By far the most frustrating thing about Barack Obama’s presidency, whatever your ideology, is its politics of contradiction. This is an administration as comfortable engineering an informal amnesty as it is deporting unlawful immigrants in record numbers—an administration as stubborn in trying to end our Bush-era wars as it is stubborn in expanding America’s military footprint.
But for all the executive two-facedness, the president’s most egregious hypocrisy has afflicted his approach to illegal drugs. Nowhere are the costs and shortcomings of his allegedly pragmatic approach more on display than in the confused, conflicted world of marijuana law.
Just two weeks after signing legislation that leaves states to pursue their own rules on medical pot, Obama’s Department of Justice has filed a strenuous defense of the drug’s Schedule I classification—the same category reserved for heroin. According to the Justice Department, “this psychoactive, addictive drug is not accepted as safe for medical use at this time, even with medical supervision,” in the words of Assistant U.S. Attorney Gregory Broderick of the Eastern District of California.
The president’s critics, accustomed to bemoaning his abuse of executive power, are now confronted with an act of sheer foolishness.
It is bad enough that pot’s Schedule I classification is an enshrinement of ridiculous, bogus prejudices, twisted further by a legal history wherein 19th-century defense attorneys eyed marijuana intoxication as a rough-and-ready insanity defense.
Worse, the preservation of pot’s Schedule I status fiercely undermines whatever’s left of the rule of law when it comes to weed. However proper it may be to allow the states some leeway as laboratories of drug democracy, the chaotic regimes arising in jurisdictions with semi- and quasi-legalized marijuana are made malevolent by the maintenance of federal laws that directly oppose permissive reforms. It is now clear in Colorado, for instance, that medical and black-market pot has the upper hand over the legitimate marijuana business. Doubling down on Schedule I is, at best, a deranged way to push Americans away from “medical,” and toward recreational, use.
Alas, it is par for the course for the president, whose public comments on drugs—especially given his well-known personal pot history—have consistently failed to compute with his own policies. As Jacob Sullum recounts at Forbes, Obama has dubbed the war on drugs “an utter failure,” yet laughed out loud at the notion of legalizing marijuana; he has informed Jake Tapper that “[w]hat is and isn’t a Schedule I narcotic is a job for Congress. It’s not something by ourselves that we start changing.” That’s rich coming from the guy who made virtually identical remarks about immigration law, only to leap over Congress when the political fancy struck.
It’s even more puzzling considering that Eric Holder himself, in one of his final public pronouncements before announcing his intention to resign as attorney general, opined that the wisdom of reclassification was “certainly a question that we need to ask ourselves.” Yet not even Holder avowed, as Sullum indicates, that the executive branch really does possess the authority to move the regulatory needle away from Schedule I.

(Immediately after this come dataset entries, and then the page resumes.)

(* [sel b] is the smaller selection event; seen from it the outcome difference
   of the always-selected units is [Y (~~ b) - Y b], hence the sign flip *)
Let sgnDOO (b : bool) (t : T) := if b then - DOO t else DOO t.

Let selIsel b : [set w | sel b w] `&` [set w | sel (~~ b) w] = Both.
Proof. by case: b => //; rewrite setIC. Qed.

Let m_sgnDOO b : measurable_fun setT (sgnDOO b).
Proof. by case: b; [apply: measurable_realfun.measurable_funN|]; exact: hDOO.1. Qed.

Let I_sgnDOO b : P.-integrable ([set w | sel b w] `&` [set w | sel (~~ b) w])
  (EFin \o (sgnDOO b \o G)).
Proof. by rewrite selIsel; case: b; [exact: (integrableN hDOO.2.1)|exact: hDOO.2.1]. Qed.

Let int_DOO A : measurable A ->
  \int[P]_(w in G @^-1` A `&` Both) DOO (G w) =
  \int[P]_(w in G @^-1` A `&` Both) Y true w - \int[P]_(w in G @^-1` A `&` Both) Y false w.
Proof.
move=> mA; have mAB := mpreBoth mA.
by rewrite -RintegralB ?(integrableS _ _ _ (IY _)) // /Rintegral hDOO.2.2.
Qed.

Let int_sgnDOO b A : measurable A ->
  \int[P]_(w in G @^-1` A `&` ([set w | sel b w] `&` [set w | sel (~~ b) w])) sgnDOO b (G w)
  = \int[P]_(w in G @^-1` A `&` ([set w | sel b w] `&` [set w | sel (~~ b) w])) Y (~~ b) w
  - \int[P]_(w in G @^-1` A `&` ([set w | sel b w] `&` [set w | sel (~~ b) w])) Y b w.
Proof.
move=> mA; have mAB := mpreBoth mA; rewrite selIsel; case: b; last exact: int_DOO.
by rewrite RintegralN ?int_DOO ?opprB //; exact: integrableS hDOO.2.1.
Qed.

Lemma monotone_selection_bounds (b : bool) (c : supp_case) (ylo yhi : R) :
  {ae P, forall w, sel b w -> sel (~~ b) w} ->
  (c <> A7_2 -> {ae P, forall w, ylo <= Y (~~ b) w}) ->
  (c <> A7_1 -> {ae P, forall w, Y (~~ b) w <= yhi}) ->
  {ae P, forall w, [/\ 0 <= mS b (G w),
    c <> A7_2 -> ylo * mS b (G w) - mY b (G w)
                 <= mS b (G w) * (if b then - DOO (G w) else DOO (G w))
                 <= mY (~~ b) (G w) - mY b (G w) - ylo * (mS (~~ b) (G w) - mS b (G w)) &
    c <> A7_1 -> mY (~~ b) (G w) - mY b (G w) - yhi * (mS (~~ b) (G w) - mS b (G w))
                 <= mS b (G w) * (if b then - DOO (G w) else DOO (G w))
                 <= yhi * mS b (G w) - mY b (G w)]}.
Proof.
move=> SL lo hi.
have [mSb [ISb _]] := hmS b; have [mSnb [ISnb _]] := hmS (~~ b).
have [mYb [IYb _]] := hmY b; have [mYnb [IYnb _]] := hmY (~~ b).
exact: (selection_bounds mG (msel b) (msel (~~ b)) SL (IY b) (IY (~~ b))
  mSb mSnb mYb mYnb (m_sgnDOO b) ISb ISnb IYb IYnb (I_sgnDOO b)
  (condexp_indicatorE mG (msel b) (hmS b))
  (condexp_indicatorE mG (msel (~~ b)) (hmS (~~ b)))
  (condexp_indicator_mulE (hmY b)) (condexp_indicator_mulE (hmY (~~ b)))
  (int_sgnDOO b) lo hi).
Qed.

End MonotoneSelection.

And so the same creeping rot of the rule of law that the administration has inflicted on immigration now bedevils our drug laws. This isn’t an abstract issue relevant only to constitutional obsessives. It’s a basic principle of ordered liberty that arises from even deeper foundations than our founding document. When the laws are in such discord and conflict as our drug laws are now, the enforcement of the law becomes of necessity an exercise in executive whim—compounding the capriciousness of arbitrary, selective application that Obama has made so conspicuous in his approach to governance.

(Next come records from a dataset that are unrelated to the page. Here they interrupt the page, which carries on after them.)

Definition open_interval_len_gt2 (A : set R) : Prop :=
  exists (l r : \bar R),
    A = [set x | (l < x%:E)%E /\ (x%:E < r)%E] /\ (l + 2%:E < r)%E.

Definition bbA (A : set R) : set (R * R) :=
  [set x | A x.2 /\ (forall t : R, -1 <= t <= 1 -> A (x.2 + t)) /\ A (x.1 + x.2)].

Definition hN (eps : nat -> R) (N nu : nat) : R :=
  1 - 2 * ((nu%:R + eps N * (N%:R - nu%:R)) / N%:R).

Definition SN (eps : nat -> R) (psi : R -> R[i]) (N : nat) (a a' : R) : R[i] :=
  \sum_(nu < N.+1)
     (('C(N, nu))%:R * ((1 + a) / 2) ^+ (N - nu) * ((1 - a) / 2) ^+ nu)%:C
       * psi (a' + hN eps N nu).

Definition adm_seq (eps : nat -> R) : Prop :=
  (forall N : nat, (0 < N)%N -> 0 <= eps N < 1) /\ eps @ \oo --> 0.

Definition ccontinuous_on (A : set R) (psi : R -> R[i]) : Prop :=
  forall x, A x -> forall e : R, 0 < e -> exists2 d : R, 0 < d &
    forall y, A y -> `|y - x| < d -> ComplexField.Normc.normc (psi y - psi x) < e.

Definition regular_C_supershift (A : set R) (psi : R -> R[i]) : Prop :=
  ccontinuous_on A psi /\
  (forall eps : nat -> R, adm_seq eps ->
     forall K : set (R * R), compact K -> K `<=` bbA A ->
     forall e : R, 0 < e -> exists N0 : nat, forall N : nat, (N0 <= N)%N ->
       forall x, K x -> ComplexField.Normc.normc (SN eps psi N x.1 x.2 - psi (x.1 + x.2)) < e) /\
  (forall (I' : Type) (eps : I' -> nat -> R),
     (forall i, adm_seq (eps i)) ->
     (forall d : R, 0 < d -> exists N0 : nat, forall N : nat, (N0 <= N)%N ->
        forall i, eps i N <= d) ->
     forall K : set (R * R), compact K -> K `<=` bbA A ->
     forall e : R, 0 < e -> exists N0 : nat, forall N : nat, (N0 <= N)%N ->
       forall i, forall x, K x ->
         ComplexField.Normc.normc (SN (eps i) psi N x.1 x.2 - psi (x.1 + x.2)) < e).

End Supershift.

From HB Require Import structures.
From mathcomp Require Import all_boot all_order all_algebra.
From mathcomp Require Import all_classical all_reals all_analysis.
From mathcomp Require Import complex.
From mathcomp Require Import ring lra.
Import Order.TTheory GRing.Theory Num.Theory.
Import numFieldNormedType.Exports.
Local Open Scope ring_scope.
Local Open Scope classical_set_scope.
Local Open Scope complex_scope.

(* At the nodes of S_N^eps the argument is x = a' + 1 - 2 eps_N - 2 (1 - eps_N) nu/N.
   Against the binomial weights the factor nu/N lowers the order by one
   (nu C(N, nu) = N C(N-1, nu-1)), and after the shift nu -> nu + 1 the nodes are
   those of order N - 1 for eps'_(N-1) = eps_N + (1 - eps_N)/N, again an admissible
   sequence, uniformly over families.  Hence
     S_N^eps[x psi](a, a') = (a' + 1 - 2 eps_N) S_N^eps[psi](a, a')
                             - (1 - eps_N) (1 - a) S_(N-1)^eps'[psi](a, a'),
   which tends to (a' + 1 - (1 - a)) psi(a + a') = (a + a') psi(a + a') uniformly on
   compact sets, where the coefficients are bounded.  Polynomial factors follow by
   induction on the polynomial, since regular supershifts form a vector space. *)

Lemma compact_locally_bounded (R : realFieldType) (T : topologicalType)
    (K : set T) (g : T -> R) :
  compact K -> (forall x, K x -> exists M, \forall y \near x, K y -> g y <= M) ->
  exists M, forall x, K x -> g x <= M.
Proof.
move=> /compact_near_coveringP/near_covering_withinP cK loc.
have [|M0 [_ HM0]] := cK R (pinfty_nbhs R) (fun M y => g y <= M) _.
  move=> x Kx; have [M nearM] := loc x Kx.
  exists ([set y | K y -> g y <= M], [set N | M <= N]).
    by split => //; exists M; split => [|N /ltW//]; exact: num_real.
  by move=> [y N] /= [hy hN] Ky; exact: le_trans (hy Ky) hN.
by exists (M0 + 1) => x Kx; apply: HM0 => //; rewrite ltrDl.
Qed.

Section Supershift.
Local Set Implicit Arguments.
Local Unset Strict Implicit.
Variable R : realType.
Implicit Types (eps : nat -> R) (f g : R -> R[i]) (A : set R).
Local Notation normc := (@ComplexField.Normc.normc R).

Lemma normc_ge0 (z : R[i]) : 0 <= normc z.
Proof. by case: z => x y; rewrite /ComplexField.Normc.normc sqrtr_ge0. Qed.

Lemma normc_real (r : R) : normc r%:C = `|r|.
Proof. by rewrite /ComplexField.Normc.normc /= expr0n /= addr0 sqrtr_sqr. Qed.

Lemma le_normc_dist (u v : R[i]) : normc u <= normc v + normc (u - v).
Proof. by have := le_normcD v (u - v); rewrite addrC subrK. Qed.

Lemma le_normcB (u v : R[i]) : normc (u - v) <= normc u + normc v.
Proof. by apply: le_trans (le_normcD _ _) _; rewrite normcN. Qed.

Lemma normcD_lt_split (u v : R[i]) (e : R) :
  normc u < e / 2 -> normc v < e / 2 -> normc (u + v) < e.
Proof. by move=> hu hv; apply: le_lt_trans (le_normcD _ _) _; rewrite [e]splitr ltrD. Qed.

Lemma normcM_lt_div (c z : R[i]) (e : R) :
  normc z < e / (normc c + 1) -> normc (c * z) < e.
Proof.
have c1 : 0 < normc c + 1 by rewrite ltr_wpDl ?normc_ge0.
rewrite ltr_pdivlMr // => hz; rewrite ComplexField.Normc.normcM.
apply: le_lt_trans hz; rewrite mulrC ler_wpM2l ?normc_ge0 // lerDl ler01 //.
Qed.

Definition eps_shift eps (M : nat) : R := eps M.+1 + (1 - eps M.+1) / M.+1%:R.

Lemma hN_shift eps M nu : (0 < M)%N -> hN eps M.+1 nu.+1 = hN (eps_shift eps) M nu.
Proof.
move=> M0; have M0' : (M%:R : R) != 0 by rewrite pnatr_eq0 -lt0n.
have M1 : (M.+1%:R : R) != 0 by rewrite pnatr_eq0.
rewrite /hN /eps_shift !mulrSr; field.
by rewrite -mulrSr M1 M0'.
Qed.

Definition binom_weight (N nu : nat) (a : R) : R :=
  'C(N, nu)%:R * ((1 + a) / 2) ^+ (N - nu) * ((1 - a) / 2) ^+ nu.

Lemma SN_binom_weight eps f N a a' :
  SN eps f N a a' = \sum_(nu < N.+1) (binom_weight N nu a)%:C * f (a' + hN eps N nu).
Proof. by []. Qed.

(* [nu/(M+1) C(M+1, nu) = C(M, nu-1)] turns the weighted sum into a sum of order [M]. *)
Lemma sum_binom_weight_mean eps f M a a' : (0 < M)%N ->
  \sum_(nu < M.+2)
     (binom_weight M.+1 nu a * (nu%:R / M.+1%:R))%:C * f (a' + hN eps M.+1 nu)
  = ((1 - a) / 2)%:C * SN (eps_shift eps) f M a a'.
Proof.
move=> M0; rewrite big_ord_recl /= mul0r mulr0 rmorph0 mul0r add0r.
rewrite SN_binom_weight mulr_sumr; apply: eq_bigr => nu _.
rewrite /bump /= add1n hN_shift // mulrA -rmorphM; congr (_%:C * _).
have M1 : (M.+1%:R : R) != 0 by rewrite pnatr_eq0.
have nu1 : (nu.+1%:R : R) != 0 by rewrite pnatr_eq0.
have binS : ('C(M.+1, nu.+1)%:R : R) = M.+1%:R * 'C(M, nu)%:R / nu.+1%:R.
  have := mul_bin_diag M.+1 nu => /(congr1 (fun n => n%:R : R)) /=.
  by rewrite !natrM => ->; rewrite mulrAC mulfV ?mul1r.
rewrite /binom_weight subSS exprSr binS.
by field; rewrite !nat1r M1 nu1.
Qed.

Lemma SN_mulx eps f M a a' : (0 < M)%N ->
  SN eps (fun x => x%:C * f x) M.+1 a a' =
  (a' + 1 - 2 * eps M.+1)%:C * SN eps f M.+1 a a'
  - ((1 - eps M.+1) * (1 - a))%:C * SN (eps_shift eps) f M a a'.
Proof.
move=> M0.
have -> : ((1 - eps M.+1) * (1 - a))%:C
          = (2 * (1 - eps M.+1))%:C * ((1 - a) / 2)%:C.
  by rewrite -rmorphM; congr (_%:C); field.
rewrite -mulrA -sum_binom_weight_mean // !SN_binom_weight !mulr_sumr -sumrB.
apply: eq_bigr => nu _; rewrite !mulrA -mulrBl; congr (_ * _).
have M1 : (M.+1%:R : R) != 0 by rewrite pnatr_eq0.
by rewrite -!rmorphM -rmorphB; congr (_%:C); rewrite /hN; field.
Qed.

Lemma SN_add eps f g N a a' :
  SN eps (fun x => f x + g x) N a a' = SN eps f N a a' + SN eps g N a a'.
Proof. by rewrite /SN -big_split; apply: eq_bigr => nu _; rewrite mulrDr. Qed.

Lemma SN_scale eps c f N a a' :
  SN eps (fun x => c * f x) N a a' = c * SN eps f N a a'.
Proof. by rewrite /SN mulr_sumr; apply: eq_bigr => nu _; rewrite mulrCA. Qed.

Lemma SN_0 eps N a a' : SN eps (fun _ => 0) N a a' = 0.
Proof. by rewrite /SN big1 // => nu _; rewrite mulr0. Qed.

Definition uniformly_vanishing (I : Type) (eps : I -> nat -> R) : Prop :=
  forall d : R, 0 < d ->
    exists N0 : nat, forall N : nat, (N0 <= N)%N -> forall i, eps i N <= d.

Definition supershift_uniformly A f : Prop :=
  forall (I : Type) (eps : I -> nat -> R),
    (forall i, adm_seq (eps i)) -> uniformly_vanishing eps ->
  forall K : set (R * R), compact K -> K `<=` bbA A ->
  forall e : R, 0 < e -> exists N0 : nat, forall N : nat, (N0 <= N)%N ->
    forall i x, K x -> normc (SN (eps i) f N x.1 x.2 - f (x.1 + x.2)) < e.

(* Condition (1) is condition (2) for a one-member family. *)
Lemma regular_C_supershiftP A f :
  regular_C_supershift A f <-> ccontinuous_on A f /\ supershift_uniformly A f.
Proof.
split=> [[hc [_ hf]] // | [hc hf]]; split => //; split => // eps he K cK sK e e0.
have vanish : uniformly_vanishing (fun _ : unit => eps).
  move=> d d0; have /cvgrPdist_le/(_ d d0)[N0 _ HN0] := he.2.
  exists N0 => N /HN0; rewrite /= sub0r normrN => hN _.
  exact: le_trans (ler_norm _) hN.
have [N0 HN0] := hf unit (fun _ => eps) (fun _ => he) vanish K cK sK e e0.
by exists N0 => N /HN0 /(_ tt).
Qed.

Lemma ccontinuous_on_add A f g : ccontinuous_on A f -> ccontinuous_on A g ->
  ccontinuous_on A (fun x => f x + g x).
Proof.
move=> hf hg x Ax e e0; have e2 : 0 < e / 2 by rewrite divr_gt0.
have [d1 d10 H1] := hf x Ax _ e2; have [d2 d20 H2] := hg x Ax _ e2.
exists (Num.min d1 d2) => [|y Ay]; first by rewrite lt_min d10 d20.
rewrite lt_min => /andP[y1 y2]; rewrite opprD addrACA.
by apply: normcD_lt_split; [exact: H1 | exact: H2].
Qed.

Lemma ccontinuous_on_scale A c f : ccontinuous_on A f ->
  ccontinuous_on A (fun x => c * f x).
Proof.
move=> hf x Ax e e0.
have [d d0 H] := hf x Ax (e / (normc c + 1)) (divr_gt0 e0 (ltr_wpDl (normc_ge0 c) ltr01)).
by exists d => // y Ay yx; rewrite -mulrBr; apply: normcM_lt_div; exact: H.
Qed.

Lemma ccontinuous_on_0 A : ccontinuous_on A (fun _ => 0).
Proof.
move=> x _ e e0; exists 1 => // y _ _.
by rewrite subrr ComplexField.Normc.normc0.
Qed.

Lemma ccontinuous_on_mulx A f : ccontinuous_on A f ->
  ccontinuous_on A (fun x => x%:C * f x).
Proof.
move=> hf x Ax e e0.
set P := normc (f x) + 2; have P0 : 0 < P by rewrite ltr_wpDl ?normc_ge0.
have e2 : 0 < e / 2 by rewrite divr_gt0.
have tol : 0 < Num.min 1 (e / 2 / (normc x%:C + 1)).
  by rewrite lt_min ltr01 divr_gt0 // ltr_wpDl ?normc_ge0.
have [d1 d10 H1] := hf x Ax _ tol.
exists (Num.min d1 (e / 2 / P)) => [|y Ay]; first by rewrite lt_min d10 divr_gt0.
rewrite lt_min => /andP[/(H1 y Ay) + yx]; rewrite lt_min => /andP[fy1 fy2].
have -> : y%:C * f y - x%:C * f x = f y * (y - x)%:C + x%:C * (f y - f x).
  by rewrite rmorphB /=; ring.
apply: normcD_lt_split; apply: normcM_lt_div => //.
rewrite normc_real; apply: lt_le_trans yx _.
rewrite ler_pM2l // lef_pV2 ?posrE ?ltr_wpDl ?normc_ge0 //.
by have := le_normc_dist (f y) (f x); rewrite /P; lra.
Qed.

Lemma eps_shift_ge0 eps M : 0 <= eps M.+1 < 1 -> 0 <= eps_shift eps M.
Proof. by case/andP=> e0 e1; rewrite addr_ge0 // divr_ge0 // subr_ge0 ltW. Qed.

Lemma adm_seq_eps_shift eps : adm_seq eps -> adm_seq (eps_shift eps).
Proof.
move=> [hb hcvg]; split=> [M M0|].
  have /andP[e0 e1] := hb M.+1 isT; rewrite eps_shift_ge0 ?e0 ?e1 //=.
  have lt1 : (1 - eps M.+1) / M.+1%:R < 1 - eps M.+1.
    by rewrite ltr_pdivrMr ?ltr0n // ltr_pMr ?subr_gt0 // ltr1n ltnS.
  by rewrite /eps_shift -ltrBrDl.
have shifted : [sequence eps n.+1]_n @ \oo --> 0 by rewrite cvg_shiftS.
rewrite -[X in _ --> X](addr0 0) -[X in _ --> _ + X](mulr0 (1 - 0)).
apply: cvgD shifted (cvgM (cvgB (cvg_cst _) shifted) cvg_harmonic).
Qed.

Lemma uniformly_vanishing_eps_shift (I : Type) (eps : I -> nat -> R) :
  (forall i, adm_seq (eps i)) -> uniformly_vanishing eps ->
  uniformly_vanishing (fun i => eps_shift (eps i)).
Proof.
move=> ha hv d d0; have d2 : 0 < d / 2 by rewrite divr_gt0.
have [N0 H0] := hv _ d2.
have b0 : 0 <= 2 / d by rewrite divr_ge0 // ltW.
exists (maxn N0 (Num.bound (2 / d))) => N; rewrite geq_max => /andP[n0 n1] i.
have /andP[g0 g1] := (ha i).1 N.+1 isT.
have small : eps i N.+1 <= d / 2 by apply: H0; apply: leqW.
have big : 2 < N.+1%:R * d.
  rewrite -ltr_pdivrMr //; apply: lt_le_trans (archi_boundP b0) _.
  by rewrite ler_nat; apply: leqW.
have mean : (1 - eps i N.+1) / N.+1%:R <= d / 2.
  by rewrite ler_pdivrMr ?ltr0n //; nra.
by rewrite /eps_shift [d]splitr; exact: lerD small mean.
Qed.

Lemma supershift_uniformly_add A f g :
  supershift_uniformly A f -> supershift_uniformly A g ->
  supershift_uniformly A (fun x => f x + g x).
Proof.
move=> hf hg I eps ha hv K cK sK e e0; have e2 : 0 < e / 2 by rewrite divr_gt0.
have [N1 H1] := hf I eps ha hv K cK sK _ e2.
have [N2 H2] := hg I eps ha hv K cK sK _ e2.
exists (maxn N1 N2) => N; rewrite geq_max => /andP[n1 n2] i x Kx.
rewrite SN_add opprD addrACA.
by apply: normcD_lt_split; [exact: H1 | exact: H2].
Qed.

Lemma supershift_uniformly_scale A c f :
  supershift_uniformly A f -> supershift_uniformly A (fun x => c * f x).
Proof.
move=> hf I eps ha hv K cK sK e e0.
have [N0 H0] := hf I eps ha hv K cK sK (e / (normc c + 1))
  (divr_gt0 e0 (ltr_wpDl (normc_ge0 c) ltr01)).
exists N0 => N n0 i x Kx; rewrite SN_scale -mulrBr.
by apply: normcM_lt_div; exact: H0.
Qed.

Lemma supershift_uniformly_0 A : supershift_uniformly A (fun _ => 0).
Proof.
move=> I eps ha hv K cK sK e e0; exists 0%N => N _ i x Kx.
by rewrite SN_0 subrr ComplexField.Normc.normc0.
Qed.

At a time when the legitimacy and uniformity of government coercion has come into deep question among urban blacks in addition to suburban whites, the president needs to realize that in dithering on marijuana law he is playing with fire. His haphazard and contradictory mismanagement of America’s shift toward pot reform lends dangerous credence to the growing sense that our government no longer cares to guarantee our equal protection under the law.

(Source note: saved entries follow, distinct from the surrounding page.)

(** * Turán's bound via the greedy algorithm *)

(* One greedy step: a stable set of size [a] among the [k] vertices left after
   removing the closed neighbourhood (of size [s]) of a vertex of minimum degree
   is extended by that vertex; [X] and [Z] are the degree sums of the remaining
   and of all vertices.  AM-GM absorbs the cross term [2ks]. *)
Lemma greedy_step_arith (a k s X Z : nat) :
  (k ^ 2 <= a * (X + k))%N -> (X + s * s.-1 <= Z)%N -> (0 < s)%N ->
  ((k + s) ^ 2 <= a.+1 * (Z + (k + s)))%N.
Proof.
move=> ih le_XZ s_gt0.
suff cross : (2 * k * s <= a * s ^ 2 + X + k)%N by nia.
have [a0|a_gt0] := posnP a.
  by move: ih; rewrite a0 mul0n leqn0 expn_eq0 => /andP [/eqP ->].
rewrite -(leq_pmul2l a_gt0).
have := leq_of_leqif (nat_Cauchy (a * s) k).
nia.
Qed.

Section GreedyStableSet.
Variables (T : finType) (r : rel T).
Hypotheses (r_sym : symmetric r) (r_irr : irreflexive r).

Definition stable (S : {set T}) : bool :=
  [forall x in S, forall y in S, (x != y) ==> ~~ r x y].

Definition deg (U : {set T}) (u : T) : nat := #|[set w in U | r u w]|.

Definition degsum (U : {set T}) : nat := \sum_(u in U) deg U u.

Lemma stableP (S : {set T}) :
  reflect {in S &, forall x y, x != y -> ~~ r x y} (stable S).
Proof.
apply: (iffP forall_inP) => [st x y xS yS|st x xS].
  by move/forall_inP/(_ y yS)/implyP: (st x xS).
by apply/forall_inP => y yS; apply/implyP; apply: st.
Qed.

Lemma stableS (S S' : {set T}) : S \subset S' -> stable S' -> stable S.
Proof.
move=> /subsetP sub /stableP stS'; apply/stableP => x y xS yS.
exact: stS' (sub x xS) (sub y yS).
Qed.

Lemma stableU1 v (S : {set T}) :
  stable S -> {in S, forall y, ~~ r v y} -> stable (v |: S).
Proof.
move=> /stableP stS nvS; apply/stableP => x y.
rewrite !inE => /predU1P [->|xS] /predU1P [->|yS] neq.
- by rewrite eqxx in neq.
- exact: nvS.
- by rewrite r_sym nvS.
- exact: stS.
Qed.

Lemma deg_subset (U V : {set T}) u : U \subset V -> (deg U u <= deg V u)%N.
Proof.
move=> /subsetP UV; apply: subset_leq_card; apply/subsetP => w.
by rewrite !inE => /andP [/UV -> ->].
Qed.

Lemma degsum_setD_le (U N : {set T}) :
  N \subset U -> (degsum (U :\: N) + \sum_(u in N) deg U u <= degsum U)%N.
Proof.
move=> NU; rewrite /degsum [X in (_ <= X)%N](big_setID N) (setIidPr NU) addnC.
by rewrite leq_add2l; apply: leq_sum => u _; apply/deg_subset/subsetDl.
Qed.

Lemma greedy_stable_set (U : {set T}) :
  exists I : {set T}, [/\ I \subset U, stable I &
    (#|U| ^ 2 <= #|I| * (degsum U + #|U|))%N].
Proof.
have [c] := ubnP #|U|; elim: c U => // c IH U; rewrite ltnS => card_U.
have [-> | [u0 u0U]] := set_0Vmem U.
  exists set0; split; rewrite ?sub0set ?cards0 //.
  by apply/stableP => x; rewrite inE.
have [v vU v_min] := arg_minnP (P := [in U]) (deg U) u0U.
pose N := v |: [set w in U | r v w].
have vN : v \in N by rewrite setU11.
have card_N : #|N| = (deg U v).+1 by rewrite cardsU1 inE r_irr andbF.
have sub_NU : N \subset U.
  by apply/subsetP => w; rewrite !inE => /orP [/eqP ->|/andP []].
have card_UN : #|U| = (#|U :\: N| + #|N|)%N.
  by rewrite cardsD (setIidPr sub_NU) subnK // subset_leq_card.
have [|I [sub_I stI ih]] := IH (U :\: N); first by lia.
have vI : v \notin I by apply: contraL vN => /(subsetP sub_I); rewrite inE => /andP [].
exists (v |: I); split.
- by rewrite subUset sub1set vU (subset_trans sub_I) ?subsetDl.
- apply: stableU1 => // y /(subsetP sub_I).
  rewrite !inE negb_or => /andP [/andP [_ not_adj] yU].
  by apply: contraNN not_adj => ->; rewrite yU.
- rewrite cardsU1 vI card_UN; apply: greedy_step_arith ih _ _; last by rewrite card_N.
  apply: leq_trans (degsum_setD_le sub_NU); rewrite leq_add2l {2}card_N succnK.
  by rewrite -sum_nat_const; apply: leq_sum => u /(subsetP sub_NU); apply: v_min.
Qed.

End GreedyStableSet.

Lemma sum_card_row (T : finType) (A : {set T * T}) :
  (\sum_(u : T) #|[set w | (u, w) \in A]|)%N = #|A|.
Proof.
under eq_bigr do rewrite -sum1dep_card.
by rewrite pair_big_dep -sum1_card; apply: eq_bigl => -[u w].
Qed.

Lemma degsum_adj n (G : {set 'I_n * 'I_n}) :
  (degsum (adj G) [set: 'I_n] <= 2 * #|G|)%N.
Proof.
pose swap (e : 'I_n * 'I_n) := (e.2, e.1).
have swap_inj : injective swap by move=> [? ?] [? ?] [-> ->].
rewrite mul2n -addnn -{1}(sum_card_row G) -[in X in (_ + X)%N](card_preimset G swap_inj).
rewrite -(sum_card_row (swap @^-1: G)) -big_split /= /degsum.
under eq_bigl do rewrite in_setT.
apply: leq_sum => u _; rewrite /deg.
apply: leq_trans (leq_card_setU _ _); apply: subset_leq_card; apply/subsetP => w.
by rewrite !inE.
Qed.

Lemma exists_turan_independent n (G : {set 'I_n * 'I_n}) :
  is_graph G -> exists I, independent G I /\ (n ^ 2 <= #|I| * (2 * #|G| + n))%N.
Proof.
move=> graphG.
have adj_irr : irreflexive (adj G).
  move=> u; rewrite /adj orbb; apply/negP => /(subsetP graphG).
  by rewrite inE ltnn.
have [I [_ stI bound]] := greedy_stable_set (fun u w => orbC _ _) adj_irr [set: 'I_n].
exists I; split=> //; rewrite cardsT card_ord in bound.
by apply: leq_trans bound _; rewrite leq_mul2l leq_add2r degsum_adj orbT.
Qed.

Perhaps most puzzling of all, Obama’s evident willingness to use policy as a political weapon has failed to spur him out ahead of congressional Republicans. Obama could announce his intention to reclassify pot. He could deliver a quick, effective speech, or hold a proper press conference. He could order the Justice Department to begin the necessary regulatory work. Or (horrors) he could reach out to congressional leaders in both parties to pursue bipartisan legislation. But he hasn’t. And it doesn't seem he will.
Especially given Sen. Rand Paul’s degree of power, the president has given the GOP the rare, momentous opportunity to score a coup in the presidential preseason by rescheduling marijuana. “Even conservatives,” as enterprising Republicans could reasonably explain, “understand that marijuana use ought to be punished more leniently than heroin use, even if it ought to remain illegal. It’s more than smart politics. It’s common sense.”
What a presidential legacy that would be.